Jose Mourinho patrzył na nas w skupieniu, gdy siedzieliśmy na krzesłach przy jego biurku. Spoglądał raz na mnie, raz na Sergio. Z trudem utrzymywałam powagę. Jestem pewna, że moje oczy błyszczały zupełnie jak blondyna. Też ledwo się trzymał.
-Dyrektorka szkoły jest zdziwiona, że dziewczyna, której ponoć bardzo zależało na tej szkole, ucieka z zajęć – przemówił w końcu. – Ja też jestem zdumiony, że chłopak, który bardzo chce grać, ucieka z masażu, który jest niezwykle ważny dla mięśni.
-Sorry trenerze – spoważniał Sergio. Widać bardzo mu zależy na graniu.
-Tak, jest mu bardzo przykro – pokiwałam głową. Jose spojrzał na mnie.
-A tobie nie? – Uniósł jedną brew.
-Oczywiście, że nie. To w końcu mnie się nudziło i namówiłam go do ucieczki. – Skłamałam. – Widzi pan… – Zamyśliłam się. – Doceniam sportowców, ale sama nie chce nim być. Mieszkam z Ikerem, ale to… – Wskazałam na swoją realową torbę. – To jak dla mnie przesada. Nie mam ulubionego klubu, tylko ukochany kraj. A szkoła? Iker ją wybrał, a nie ja. Sama poszłabym na coś językowego, a tak?

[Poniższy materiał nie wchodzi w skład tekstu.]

Lemma strip_count_cat K N1 N2 h s : h <= K ->
  strip_count K (N1 + N2) h s =
  \sum_(h' < K.+1) strip_count K N1 h h' * strip_count K N2 h' s.
Proof.
elim: N1 h => [|N1 IH] h hK /=.
  rewrite (bigD1 (Ordinal (hK : h < K.+1))) //= eqxx mul1n big1 ?addn0 //.
  by move=> i /negPf; rewrite -val_eqE /= eq_sym => ->.
rewrite (eq_bigr _ (fun i _ => mulnDl _ _ _)) big_split /=; congr (_ + _).
  by case: h hK => [|h] hK; [rewrite big1 | rewrite IH //; lia].
by case: ifP => hK'; [rewrite IH | rewrite big1].
Qed.

Lemma sum_even_odd (F : nat -> nat) n :
  (\sum_(0 <= h < 2 * n) F h = \sum_(0 <= c < n) (F (2 * c) + F (2 * c).+1))%N.
Proof.
elim: n => [|n IH]; first by rewrite !big_geq.
rewrite (_ : 2 * n.+1 = (2 * n).+2)%N; last by lia.
by rewrite !big_nat_recr //= IH addnA.
Qed.

Lemma coprime_mul_mod_inj m a x y : coprime a m -> x < m -> y < m ->
  (a * x) %% m = (a * y) %% m -> x = y.
Proof.
move=> co; wlog le : x y / x <= y.
  move=> H hx hy e; case: (leqP x y) => h; first exact: H.
  by apply/esym; apply: H => //; apply: ltnW.
move=> hx hy /eqP; rewrite eq_sym eqn_mod_dvd ?leq_mul2l ?le ?orbT //.
rewrite -mulnBr Gauss_dvdr; last by rewrite coprime_sym.
by case: (posnP (y - x)) => [|pos /(dvdn_leq pos)]; lia.
Qed.

Lemma coprime_mul_mod_sum m a x y : coprime a m -> 0 < x + y < m ->
  (a * x) %% m + (a * y) %% m != m.
Proof.
move=> co hxy; apply/negP => /eqP e.
have /eqP : (a * (x + y)) %% m = 0 by rewrite mulnDr -modnDm e modnn.
rewrite -/(dvdn m _) Gauss_dvdr; last by rewrite coprime_sym.
by move=> /dvdn_leq; lia.
Qed.

Local Open Scope ring_scope.

Section Spectral.
Variable R : numFieldType.
Variable m : nat.
Variable z : R.
Hypothesis z_prim : (2 * m)%N.-primitive_root z.

(* For z = exp(i pi / m): zsin y = 2i sin(pi y / m), zcos l = 2 cos(pi l / m). *)
Definition zsin (y : nat) : R := z ^+ y - (z ^+ y)^-1.
Definition zcos (l : nat) : R := z ^+ l + (z ^+ l)^-1.

Lemma m_gt0 : (0 < m)%N.
Proof. by have := prim_order_gt0 z_prim; rewrite muln_gt0. Qed.

Lemma zX_neq0 y : z ^+ y != 0.
Proof.
apply: expf_neq0; apply/eqP => z0; have := prim_expr_order z_prim.
by rewrite z0 expr0n muln_eq0 /= eqn0Ngt m_gt0 /= => /eqP; rewrite eq_sym oner_eq0.
Qed.

Lemma zX_unity y : (z ^+ y) ^+ (2 * m) = 1.
Proof. by rewrite -exprM mulnC exprM (prim_expr_order z_prim) expr1n. Qed.

Lemma z_half : z ^+ m = -1.
Proof.
have : (z ^+ m) ^+ 2 == 1 by rewrite -exprM mulnC prim_expr_order.
rewrite sqrf_eq1 => /orP [|/eqP //].
rewrite -(expr0 z) (eq_prim_root_expr z_prim) mod0n modn_small; last first.
  by rewrite ltn_Pmull // m_gt0.
by rewrite eqn0Ngt m_gt0.
Qed.

Lemma zsin0 : zsin 0 = 0.
Proof. by rewrite /zsin expr0 invr1 subrr. Qed.
Lemma flattening_deriv G G' A D E D' E' h :
  inst_incl inst_ctx G' G -> flattening D E G A -> flattening D' E' G' A ->
  deriv D E h -> deriv D' E' h.
Proof.
  intros HG'G [G0 [HG0 [[Hnd Hfr] [HD ->]]]] [G0' [HG0' [_ [HD' ->]]]] Hd.
  assert (Hincl : inst_incl inst_ctx G0' G0).
  { apply (inst_incl_trans _ _ G'); [exact (proj2 (proj2 alpha_inst_incl _ _ HG0'))|].
    apply (inst_incl_trans _ _ G); [auto | exact (proj1 (proj2 alpha_inst_incl _ _ HG0))]. }
  destruct (Hincl _ _ (inst_ctx_erase (fun x => x) G0')) as [Y [HY HYincl]].
  destruct (proj2 inst_fresh_uniform _ _ _ HY Hnd) as [s [Hs HsY]].
  { intros x Hx Hxfv; apply (Hfr x Hx), in_or_app; auto. }
  assert (HA : form_ren s A = A).
  { rewrite <- (form_ren_id A) at 2. apply form_ren_ext. intros x Hx. apply Hs.
    intros Hbv. apply (Hfr x Hbv), in_or_app; auto. }
  rewrite <- HA. apply (deriv_ren_incl _ _ _ Hd). intros B HB.
  apply (Permutation_in _ HD), HsY, HYincl, in_map_iff in HB as [B' [HB' HB'G0']].
  rewrite form_ren_id in HB'; subst.
  apply (Permutation_in _ (Permutation_sym HD')); auto.
Qed.

Theorem proposition4 (G G' : ctx) (A : form) (D D' : list form) (E E' : form) :
  ctx_lc G -> form_lc A ->
  clean_step G G' ->
  flattening D E G A ->
  flattening D' E' G' A ->
  forall h : nat, deriv D E h <-> deriv D' E' h.
Proof.
  intros _ _ Hstep Hflat Hflat' h.
  destruct (clean_step_inst_incl G G' Hstep) as [HGG' HG'G].
  split; [apply (flattening_deriv G G' A) | apply (flattening_deriv G' G A)]; auto.
Qed.
Lemma prod_others_swap_ge i h g : h \in x -> g \notin x ->
  (\prod_(j | j != i) (util v j x)%:R) * (1 - loss i h)
    <= \prod_(j | j != i) (util v j (x :\ h :|: [set g]))%:R.
Proof.
move=> hx gx.
have ux_neq0 j : (util v j x)%:R != 0 :> rat by rewrite pnatr_eq0 -lt0n util_gt0.
apply: (@le_trans _ _ (\prod_(j | j != i) ((util v j x)%:R - (v j h)%:R))).
  have factor j : (util v j x)%:R - (v j h)%:R
      = (util v j x)%:R * (1 - (v j h)%:R / (util v j x)%:R) :> rat.
    by rewrite mulrBr mulr1 mulrCA divff ?mulr1.
  rewrite (eq_bigr _ (fun j _ => factor j)) big_split /=.
  apply: ler_wpM2l; first by apply: prodr_ge0.
  apply: prod_1sub_ge => j _; rewrite divr_ge0 //=.
  by rewrite ler_pdivrMr ?ltr0n // mul1r ler_nat mem_leq_util.
apply: ler_prod => j _; rewrite subr_ge0 ler_nat mem_leq_util //=.
by rewrite lerBlDr -natrD ler_nat util_swap // leq_addr.
Qed.

Lemma swap_gain_le i h g : h \in x -> g \notin x ->
  (v i g)%:R - (v i h)%:R <= loss i h * (util v i (x :\ h :|: [set g]))%:R.
Proof.
move=> hx gx; set y := x :\ h :|: [set g].
pose P : rat := \prod_(j | j != i) (util v j x)%:R.
have P_gt0 : 0 < P by apply: prodr_gt0 => j _; rewrite ltr0n util_gt0.
have nw_le : (util v i y)%:R * (1 - loss i h) * P <= (util v i x)%:R * P.
  have := swap_nw_le hx gx; rewrite -(ler_nat rat) /nw_prod !natr_prod.
  rewrite (bigD1 i) //= [leRHS](bigD1 i) //= -/P mulrAC -mulrA; apply: le_trans.
  by apply: ler_wpM2l => //; apply: prod_others_swap_ge.
have := util_swap v i hx gx; move/(congr1 (fun t => t%:R : rat)); rewrite !natrD.
by move: nw_le; rewrite ler_pM2r //; lra.
Qed.

Lemma exchange_ineq i T (M : 'I_m -> rat) :
  (forall g, g \in T :\: x -> 0 <= M g) ->
  (forall h g, h \in x :\: T -> g \in T :\: x ->
     (util v i (x :\ h :|: [set g]))%:R <= M g) ->
  #|x :\: T|%:R * (util v i (T :\: x))%:R - #|T :\: x|%:R * (util v i (x :\: T))%:R
    <= (n.-1)%:R * \sum_(g in T :\: x) M g.
Proof.
move=> M_ge0 swap_le; rewrite /util !natr_sum.
apply: (double_count (c := loss i)) => // [g h gB hA|]; last first.
  by apply/sum_loss_le/subsetDl.
move: (gB) (hA); rewrite !inE => /andP[gx _] /andP[_ hx].
apply: le_trans (swap_gain_le i hx gx) _.
by apply: ler_wpM2l; [apply: loss_ge0 | apply: swap_le].
Qed.
Lemma sg_sign_bit x y : x \is Num.real -> y \is Num.real -> x != 0 -> y != 0 ->
  sign_bit x = sign_bit y -> Num.sg x = Num.sg y.
Proof.
move=> rx ry; rewrite /sign_bit !real_neqr_lt ?real0 //.
move=> /orP[x_lt0|x_gt0] /orP[y_lt0|y_gt0].
- by rewrite !ltr0_sg.
- by rewrite x_lt0 (lt_gtF y_gt0) => /(congr1 val).
- by rewrite y_lt0 (lt_gtF x_gt0) => /(congr1 val).
- by rewrite !gtr0_sg.
Qed.

End SignBit.

Lemma integral1 (L : fieldExtType rat) : integral (1 : L).
Proof.
exists ('X - 1); split; first by rewrite monicXsubC.
by rewrite rmorphB /= map_polyX map_polyC /= rmorph1 root_XsubC.
Qed.

Lemma pideal_refl (L : fieldExtType rat) (a : L) : pideal a a.
Proof. by exists 1; split; [exact: integral1 | rewrite mulr1]. Qed.

Lemma OK_unit_div_of_pideal_eq (L : fieldExtType rat) (a b : L) :
  a != 0 -> b != 0 -> (forall y, pideal a y <-> pideal b y) -> OK_unit (a / b).
Proof.
move=> nz_a nz_b eq_ab.
have [x [int_x a_bx]] : pideal b a by apply/eq_ab/pideal_refl.
have [y [int_y b_ay]] : pideal a b by apply/eq_ab/pideal_refl.
split; first by rewrite mulf_neq0 ?invr_eq0.
rewrite invf_div.
have -> : a / b = x by rewrite a_bx mulrC mulKf.
have -> : b / a = y by rewrite b_ay mulrC mulKf.
by split.
Qed.

Section AlgebraicIntegers.

Context {L : fieldExtType rat} (iota : {rmorphism L -> algC}).
Implicit Types x y z : L.

Lemma integral_Aint z : integral z <-> iota z \in Aint.
Proof.
split.
  case=> p [mp rp]; apply: (@root_monic_Aint (map_poly intr p)).
  - have := rmorph_root iota rp; rewrite -map_poly_comp.
    by rewrite (eq_map_poly (rmorph_int iota)).
  - by rewrite monicE lead_coef_map_inj ?(monicP mp) //; exact: intr_inj.
  - by apply/polyOverP=> i; rewrite coef_map /= intr_int.
move=> Az; have [q Dq] := floorpP Az.
exists q; split.
  have := minCpoly_monic (iota z).
  rewrite Dq monicE lead_coef_map_inj //; last exact: intr_inj.
  by rewrite monicE -(eqr_int algC).
apply/rootP/eqP; rewrite -(fmorph_eq0 iota) -horner_map /= -map_poly_comp.
rewrite (eq_map_poly (rmorph_int iota)) -Dq.
exact: root_minCpoly.
Qed.

Lemma integralM x y : integral x -> integral y -> integral (x * y).
Proof.
move=> /integral_Aint Ax /integral_Aint Ay.
by apply/integral_Aint; rewrite rmorphM rpredM.
Qed.

Lemma OK_unitM x y : OK_unit x -> OK_unit y -> OK_unit (x * y).
Proof.
move=> [nz_x [int_x int_xV]] [nz_y [int_y int_yV]].
by split; [rewrite mulf_neq0 | rewrite invfM; split; apply: integralM].
Qed.

Lemma OK_unit_prod (I : Type) (r : seq I) (P : pred I) (F : I -> L) :
  (forall i, P i -> OK_unit (F i)) -> OK_unit (\prod_(i <- r | P i) F i).
Proof.
move=> unitF; apply: big_ind => //; last exact: OK_unitM.
by split; [exact: oner_neq0 | rewrite invr1; split; exact: integral1].
Qed.

End AlgebraicIntegers.

Lemma Gal_setT (L : splittingFieldType rat) :
  'Gal({:L} / 1%VS)%g = [set: gal_of {:L}].
Proof. by apply/setP=> s; rewrite inE gal_kAut ?sub1v // kAut1E subvf. Qed.

Lemma big_Gal_full (L : splittingFieldType rat) (R : Type) (idx : R) op
    (F : gal_of {:L} -> R) :
  \big[op/idx]_(s in 'Gal({:L} / 1%VS)%g) F s = \big[op/idx]_s F s.
Proof. by apply: eq_bigl => s; rewrite Gal_setT inE. Qed.

Lemma galois_dim_pgroup {L : splittingFieldType rat} {p d : nat} :
  prime p -> galois 1%VS {:L} -> \dim {:L} = (p ^ d)%N ->
  (p.-group [set: gal_of {:L}])%g.
Proof.
move=> p_pr galL dimL; have := galois_dim galL.
by rewrite /= dimv1 divn1 dimL Gal_setT /pgroup => <-; rewrite pnatX pnat_id.
Qed.

Section SignVectors.

Context {L : splittingFieldType rat} (iota : {rmorphism L -> algC}).
Hypothesis totally_real : forall (f : {rmorphism L -> algC}) (x : L), f x \is Num.real.
Implicit Types (x : L) (s t : gal_of {:L}).

Definition sign_vector x : {ffun gal_of {:L} -> 'Z_2} :=
  [ffun s : gal_of {:L} => sign_bit (iota (s x))].

Lemma conj_real_neq0 s {x} : x != 0 -> iota (s x) \is Num.real /\ iota (s x) != 0.
Proof.
by move=> nz_x; split; [exact: (totally_real (iota \o s)) | rewrite !fmorph_eq0].
Qed.
(* Adaptive strategies as decision trees: Stop selecting I, or advance S_i and
   continue depending on the new state of S_i. *)
Inductive strat (V : J -> Type) : Type :=
  | SStop : {set J} -> strat V
  | SAdv : forall i : J, (V i -> strat V) -> strat V.
Arguments SStop {V}. Arguments SAdv {V}.

Definition jstate (S : J -> MarkovSystem R) := forall i : J, ms_state (S i).

Fixpoint svalid (S : J -> MarkovSystem R) (F : {set {set J}})
    (sg : strat (fun i => ms_state (S i))) (x : jstate S) : Prop :=
  match sg with
  | SStop A => A \in F /\ (forall i, i \in A -> x i \in ms_dest (S i))
  | SAdv i k => x i \notin ms_dest (S i) /\
      (forall w, 0 < ms_P (S i) (x i) w -> svalid S F (k w) (@eqtype.dfwith J (fun j => ms_state (S j)) x i w))
  end.

Fixpoint sutil (S : J -> MarkovSystem R) (h : {set J} -> R)
    (sg : strat (fun i => ms_state (S i))) (x : jstate S) : R :=
  match sg with
  | SStop A => semiadd h A (fun i => ms_value (S i) (x i))
  | SAdv i k => - ms_price (S i) (x i) +
      \sum_(w : ms_state (S i)) ms_P (S i) (x i) w * sutil S h (k w) (@eqtype.dfwith J (fun j => ms_state (S j)) x i w)
  end.

Definition jstart (S : J -> MarkovSystem R) : jstate S := fun i => ms_start (S i).

End Defs.

Arguments markov_system {R}. Arguments pval {R}. Arguments Uopt {R}.
Arguments grade {R}. Arguments pathP {R}. Arguments prevailing {R}.
Arguments downward_closed {J}. Arguments semiadd {R J}. Arguments maxF {R J}.
Arguments exp_prevailing_n {R J}. Arguments exp_prevailing {R J}.
Arguments jstate {R J}. Arguments svalid {R J}. Arguments sutil {R J}.
Arguments jstart {R J}.

From Pilot Require Import Defs.
From HB Require Import structures.
From mathcomp Require Import all_boot all_order all_algebra.
From mathcomp Require Import all_classical all_reals all_analysis.
From mathcomp Require Import lra.
Import Order.TTheory GRing.Theory Num.Theory.
Import numFieldNormedType.Exports.
Local Open Scope ring_scope.

(* Fix a horizon n and generalize the bound to any joint state x together with
   caps m_i <= grade(x_i): the utility of a strategy from x is at most
   E[max_I f(I, Y^m)] + sum_i U_i^{x_i}(m_i), where Y^m_i is the running minimum
   of the grades along an n-step trajectory of S_i, started at the cap m_i.  When the strategy stops, the
   selected systems sit in absorbing destinations t_i, where Y^m_i = m_i and
   r^{t_i} - m_i <= U_i(m_i).  When it advances S_i to w, the cap becomes
   min(m_i, grade w); gluing the step to the n-step trajectories from w gives
   (n+1)-step trajectories from x_i, and truncating them back to n steps can
   only raise the running minima; meanwhile U_i pays for the price of the step
   (Bellman inequality of the penalized game), and lowering the cap to grade w
   is free because U^w(grade w) <= 0.  Starting from m_i = grade(s_i) all the
   U-terms vanish, and the bounds decrease in n, so they converge to the
   expectation of the statement. *)

Section DffunSums.
Context {R : comPzSemiRingType} {I : finType}.

Lemma sum_dffun_prod (T_ : I -> finType) (F : forall i, T_ i -> R) :
  \sum_(p : {dffun forall i, T_ i}) \prod_i F i (p i) =
  \prod_i \sum_(a : T_ i) F i a.
Proof.
pose P_ i := [ffun a : T_ i => F i a].
rewrite (reindex (@dffun_of_fprod I T_)); last exact/onW_bij/dffun_of_fprod_bij.
transitivity (\sum_(t : fprod T_) \prod_(i in I) P_ i (t i)).
  by apply: eq_bigr => t _; apply: eq_bigr => i _; rewrite !ffunE.
rewrite (@big_fprod R 0 1 *%R +%R I T_ P_).
rewrite -(bigA_distr_big_dep (tagged_with T_) (fun i => untag 0 (P_ i))).
apply: eq_bigr => i _.
rewrite (big_tag (fun i a => F i a)); apply: eq_big => // j _.
by rewrite /untag; case: eqP => // e; rewrite ffunE.
Qed.

Lemma sum_dffun_prod_cond (T_ : I -> finType) (Q : forall i, pred (T_ i))
    (F : forall i, T_ i -> R) :
  \sum_(p : {dffun forall i, T_ i} | [forall i, Q i (p i)]) \prod_i F i (p i) =
  \prod_i \sum_(a | Q i a) F i a.
Proof.
transitivity (\prod_i \sum_a (if Q i a then F i a else 0)); last first.
  by apply: eq_bigr => i _; rewrite [RHS]big_mkcond.
rewrite -sum_dffun_prod big_mkcond; apply: eq_bigr => p _.
case: ifPn => [/forallP Qp | /forallPn[i /negbTE Qi]].
  by apply: eq_bigr => i _; rewrite Qp.
by rewrite (bigD1 i) //= Qi mul0r.
Qed.

Lemma sum_dffun_prod_comp (A B : I -> finType) (phi : forall i, A i -> B i)
    (mu : forall i, A i -> R) (G : {dffun forall i, B i} -> R) :
  \sum_(p : {dffun forall i, A i}) (\prod_i mu i (p i)) * G [ffun i => phi i (p i)] =
  \sum_(p' : {dffun forall i, B i}) (\prod_i \sum_(a | phi i a == p' i) mu i a) * G p'.
Proof.
rewrite (partition_big (fun p : {dffun forall i, A i} =>
  [ffun i => phi i (p i)] : {dffun forall i, B i}) predT) //=.
apply: eq_bigr => p' _; rewrite -sum_dffun_prod_cond mulr_suml.
apply: eq_big => [p|p /eqP <- //].
apply/eqP/forallP => [<- i | phip]; first by rewrite ffunE.
by apply/ffunP => i; rewrite ffunE; apply/eqP.
Qed.

End DffunSums.

Section DffunWith.
Context {I : finType} {A : I -> finType}.

Definition dffun_with (p : {dffun forall i, A i}) {i} (q : A i) :
    {dffun forall i, A i} :=
  finfun (@eqtype.dfwith I A (fun j => p j) i q).

Lemma dffun_with_in p i (q : A i) : dffun_with p q i = q.
Proof. by rewrite ffunE dfwith_in. Qed.

Lemma dffun_with_out p i (q : A i) j : i != j -> dffun_with p q j = p j.
Proof. by move=> ij; rewrite ffunE dfwith_out. Qed.

Lemma dffun_with_id p i : dffun_with p (p i) = p.
Proof.
apply/ffunP => j; have [<-|ij] := eqVneq i j; first exact: dffun_with_in.
exact: dffun_with_out.
Qed.

Lemma dffun_with_with p i (q q' : A i) :
  dffun_with (dffun_with p q) q' = dffun_with p q'.
Proof.
apply/ffunP => j; have [<-|ij] := eqVneq i j; first by rewrite !dffun_with_in.
by rewrite !dffun_with_out.
Qed.

Lemma sum_dffun_at {V : nmodType} i (q0 : A i) (X : {dffun forall i, A i} -> V) :
  \sum_p X p =
  \sum_(p : {dffun forall i, A i} | p i == q0) \sum_(q : A i) X (dffun_with p q).
Proof.
rewrite (partition_big (fun p : {dffun forall i, A i} => p i) predT) //=.
rewrite exchange_big /=; apply: eq_bigr => q _.
rewrite (reindex_onto (fun p => dffun_with p q) (fun p => dffun_with p q0)); last first.
  by move=> p /eqP <-; rewrite dffun_with_with dffun_with_id.
apply: eq_bigl => p; rewrite dffun_with_in eqxx dffun_with_with /=.
by apply/eqP/eqP => [<-|<-]; rewrite ?dffun_with_in ?dffun_with_id.
Qed.

End DffunWith.

Lemma sum_tuple0 {V : nmodType} (T : finType) (F : 0.-tuple T -> V) :
  \sum_(q : 0.-tuple T) F q = F [tuple].
Proof. by rewrite (big_pred1 [tuple]) // => q; rewrite [q]tuple0; apply/esym/eqP. Qed.
(* Let $G=(V,E)$ be a connected graph with $n=|V|\ge 2$, edge weights $w$ and edge costs $c$. Let $F\subseteq E$ be such that $G\setminus F$ is connected, with cost $B=c(F)$ and profit $\Delta=p_G(F)$. Then there exist an integer $t\le n$ and partial cuts $C_1,\dots,C_{t-1}$ in $G$ (each of the form $C_G(S_i,W_i)$) such that $\sum_{i=1}^{t-1}c(C_i)\le 2B\log n$ and $\sum_{i=1}^{t-1}p_G(C_i)\ge\Delta$.
   Context: $G=(V,E)$ is a finite undirected graph (parallel edges allowed) with edge weights $w:E\to\mathbb{R}_{\ge0}$ and removal costs $c:E\to\mathbb{R}_{>0}$; $c(F)=\sum_{f\in F}c(f)$; $G\setminus F=(V,E\setminus F)$. $\mathrm{MST}(H)$ is the weight of a minimum spanning tree of $H$ w.r.t. $w$, with $\mathrm{MST}(H)=\infty$ if $H$ is disconnected. The profit is $p_G(F)=\mathrm{MST}(G\setminus F)-\mathrm{MST}(G)$. For $\emptyset\ne S\subsetneq V$, the complete cut is $C_G(S)=\{e\in E:|e\cap S|=1\}$ and, for $W\in\mathbb{R}$, the partial cut is $C_G(S,W)=\{e\in C_G(S):w(e)<W\}$. $\log$ denotes $\log_2$. *)

From HB Require Import structures.
From mathcomp Require Import all_boot all_order all_algebra.
From mathcomp Require Import all_classical all_reals all_analysis.
Set Implicit Arguments. Unset Strict Implicit. Unset Printing Implicit Defensive.
Import Order.TTheory GRing.Theory Num.Theory.
Local Open Scope ring_scope.

(* A multigraph G = (V, E): E is a finite type of edge names, each edge e
   has two endpoints ends e = (u, v).  Parallel edges are allowed. *)
Section Graph.
Variables (R : realType) (V E : finType) (ends : E -> V * V) (w : E -> R).
Lemma upper_trig_diag1M A B :
  upper_trig_diag 1 A -> upper_trig_diag 1 B -> upper_trig_diag 1 (A * B).
Proof.
by move=> tA tB; rewrite -[X in upper_trig_diag X](mulr1 1); apply: upper_trig_diagM.
Qed.

Lemma upper_trig_diag1X A k : upper_trig_diag 1 A -> upper_trig_diag 1 (A ^+ k).
Proof. by move=> tA; rewrite -(expr1n R k); apply: upper_trig_diagX. Qed.

End UpperTriangular.

Section JordanBlock.
Variables (R : nzRingType) (n : nat).

Definition shift_mx : 'M[R]_n.+1 := \matrix_(i, j) (i.+1 == j :> nat)%:R.

Definition jordan_mx : 'M[R]_n.+1 := 1 + shift_mx.

Lemma sum_ord_delta (c : nat) (F : 'I_n.+1 -> R) :
  \sum_(k < n.+1) (k == c :> nat)%:R * F k = if (c < n.+1)%N then F (inord c) else 0.
Proof.
case: ifP => [lt_cn | ge_cn].
  rewrite (bigD1 (inord c)) //= inordK // eqxx mul1r big1 ?addr0 // => k ne_kc.
  case: eqP => [eq_kc | _]; last by rewrite mul0r.
  by case/eqP: ne_kc; apply: val_inj; rewrite /= inordK.
rewrite big1 // => k _; case: eqP => [eq_kc | _]; last by rewrite mul0r.
by move: (ltn_ord k); rewrite eq_kc ge_cn.
Qed.

Lemma shift_mxX_entry a (i j : 'I_n.+1) : (shift_mx ^+ a) i j = (i + a == j)%N%:R.
Proof.
elim: a i j => [|a IHa] i j; first by rewrite expr0 addn0 -idmxE mxE.
rewrite exprSr -mulmxE mxE.
under eq_bigr => k _ do rewrite IHa mxE eq_sym.
rewrite sum_ord_delta; case: ifP => [lt_in | ge_in]; first by rewrite inordK // addnS.
by case: eqP => // eq_j; move: (ltn_ord j) ge_in; rewrite -eq_j; lia.
Qed.

Lemma shift_mxX_eq0 a : (n < a)%N -> shift_mx ^+ a = 0.
Proof.
move=> lt_na; apply/matrixP => i j; rewrite shift_mxX_entry mxE.
by case: eqP => // eq_j; move: (ltn_ord j); rewrite -eq_j; lia.
Qed.

Lemma shift_mxX_eq0E a : (shift_mx ^+ a == 0) = (n < a)%N.
Proof.
apply/eqP/idP => [Na0 | ]; last exact: shift_mxX_eq0.
rewrite ltnNge; apply/negP => le_an.
have /eqP := congr1 (fun A : 'M_n.+1 => A 0 (inord a)) Na0.
by rewrite shift_mxX_entry mxE inordK // add0n eqxx oner_eq0.
Qed.

Lemma shift_mxXM_entry a (B : 'M[R]_n.+1) (i j : 'I_n.+1) :
  (shift_mx ^+ a *m B) i j = if (i + a < n.+1)%N then B (inord (i + a)%N) j else 0.
Proof.
rewrite mxE -(sum_ord_delta _ (fun k => B k j)).
by apply: eq_bigr => k _; rewrite shift_mxX_entry eq_sym.
Qed.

Muszę w niej tkwić kilka tygodni i patrzeć jak te laski sapią i się pocą. Nic ciekawego. Dziękuję, że pan się za mną wstawił, ale nie byłabym zrozpaczona jakbym się tam nie dostała.
-Ana… – Westchnął. – Trzeba coś poradzić na to, że nie chcesz chodzić do sportowej szkoły – podrapał się po brodzie.
-Widzi pan, problem polega na tym, że Iker chce, a ja Ikera bardzo szanuje i nie chce mu się sprzeciwiać. Tu jest pies pogrzebany – jęknęłam.
-Pogadam z dyrektorką. Coś się na pewno zaradzi. A teraz sio! – Wskazał nam drzwi. Wstaliśmy i szybko wyszliśmy.
-Jakieś propozycje? – Sergio wziął ode mnie torbę i przewiesił ją sobie przez ramie.
-Żadnych. Marzę o walnięciu się na kanapę i nic nie robieniu. Jedziemy do Ikera? – Uśmiechnęłam się.
-Nie, bo jestem ustawiony z Cristiną – pokręcił głową. – Jednak będę dobrą duszą. Zapraszam, ja panią zawiozę – zaśmiał się.
-To ty masz duszę? – Zdziwiłam się niepomiernie.
-Ana… – Syknął przez zęby.
-Wprawiaj się, wprawiaj, bo może będziesz mnie woził całe wakacje – puściłam mu oczko i zignorowałam jego mordercze spojrzenie.
-Może? Coś straciłaś wiarę w Barcelonę.
-Mou to wielki człowiek – mruknęłam. Tak wielki, że bez problemu może doprowadzić swoją drużynę do zwycięstwa.
-Wiem – szepnął mi do ucha. – Mój trener – roześmiał się radośnie. Widząc jego uradowaną minę i ja wybuchłam śmiechem.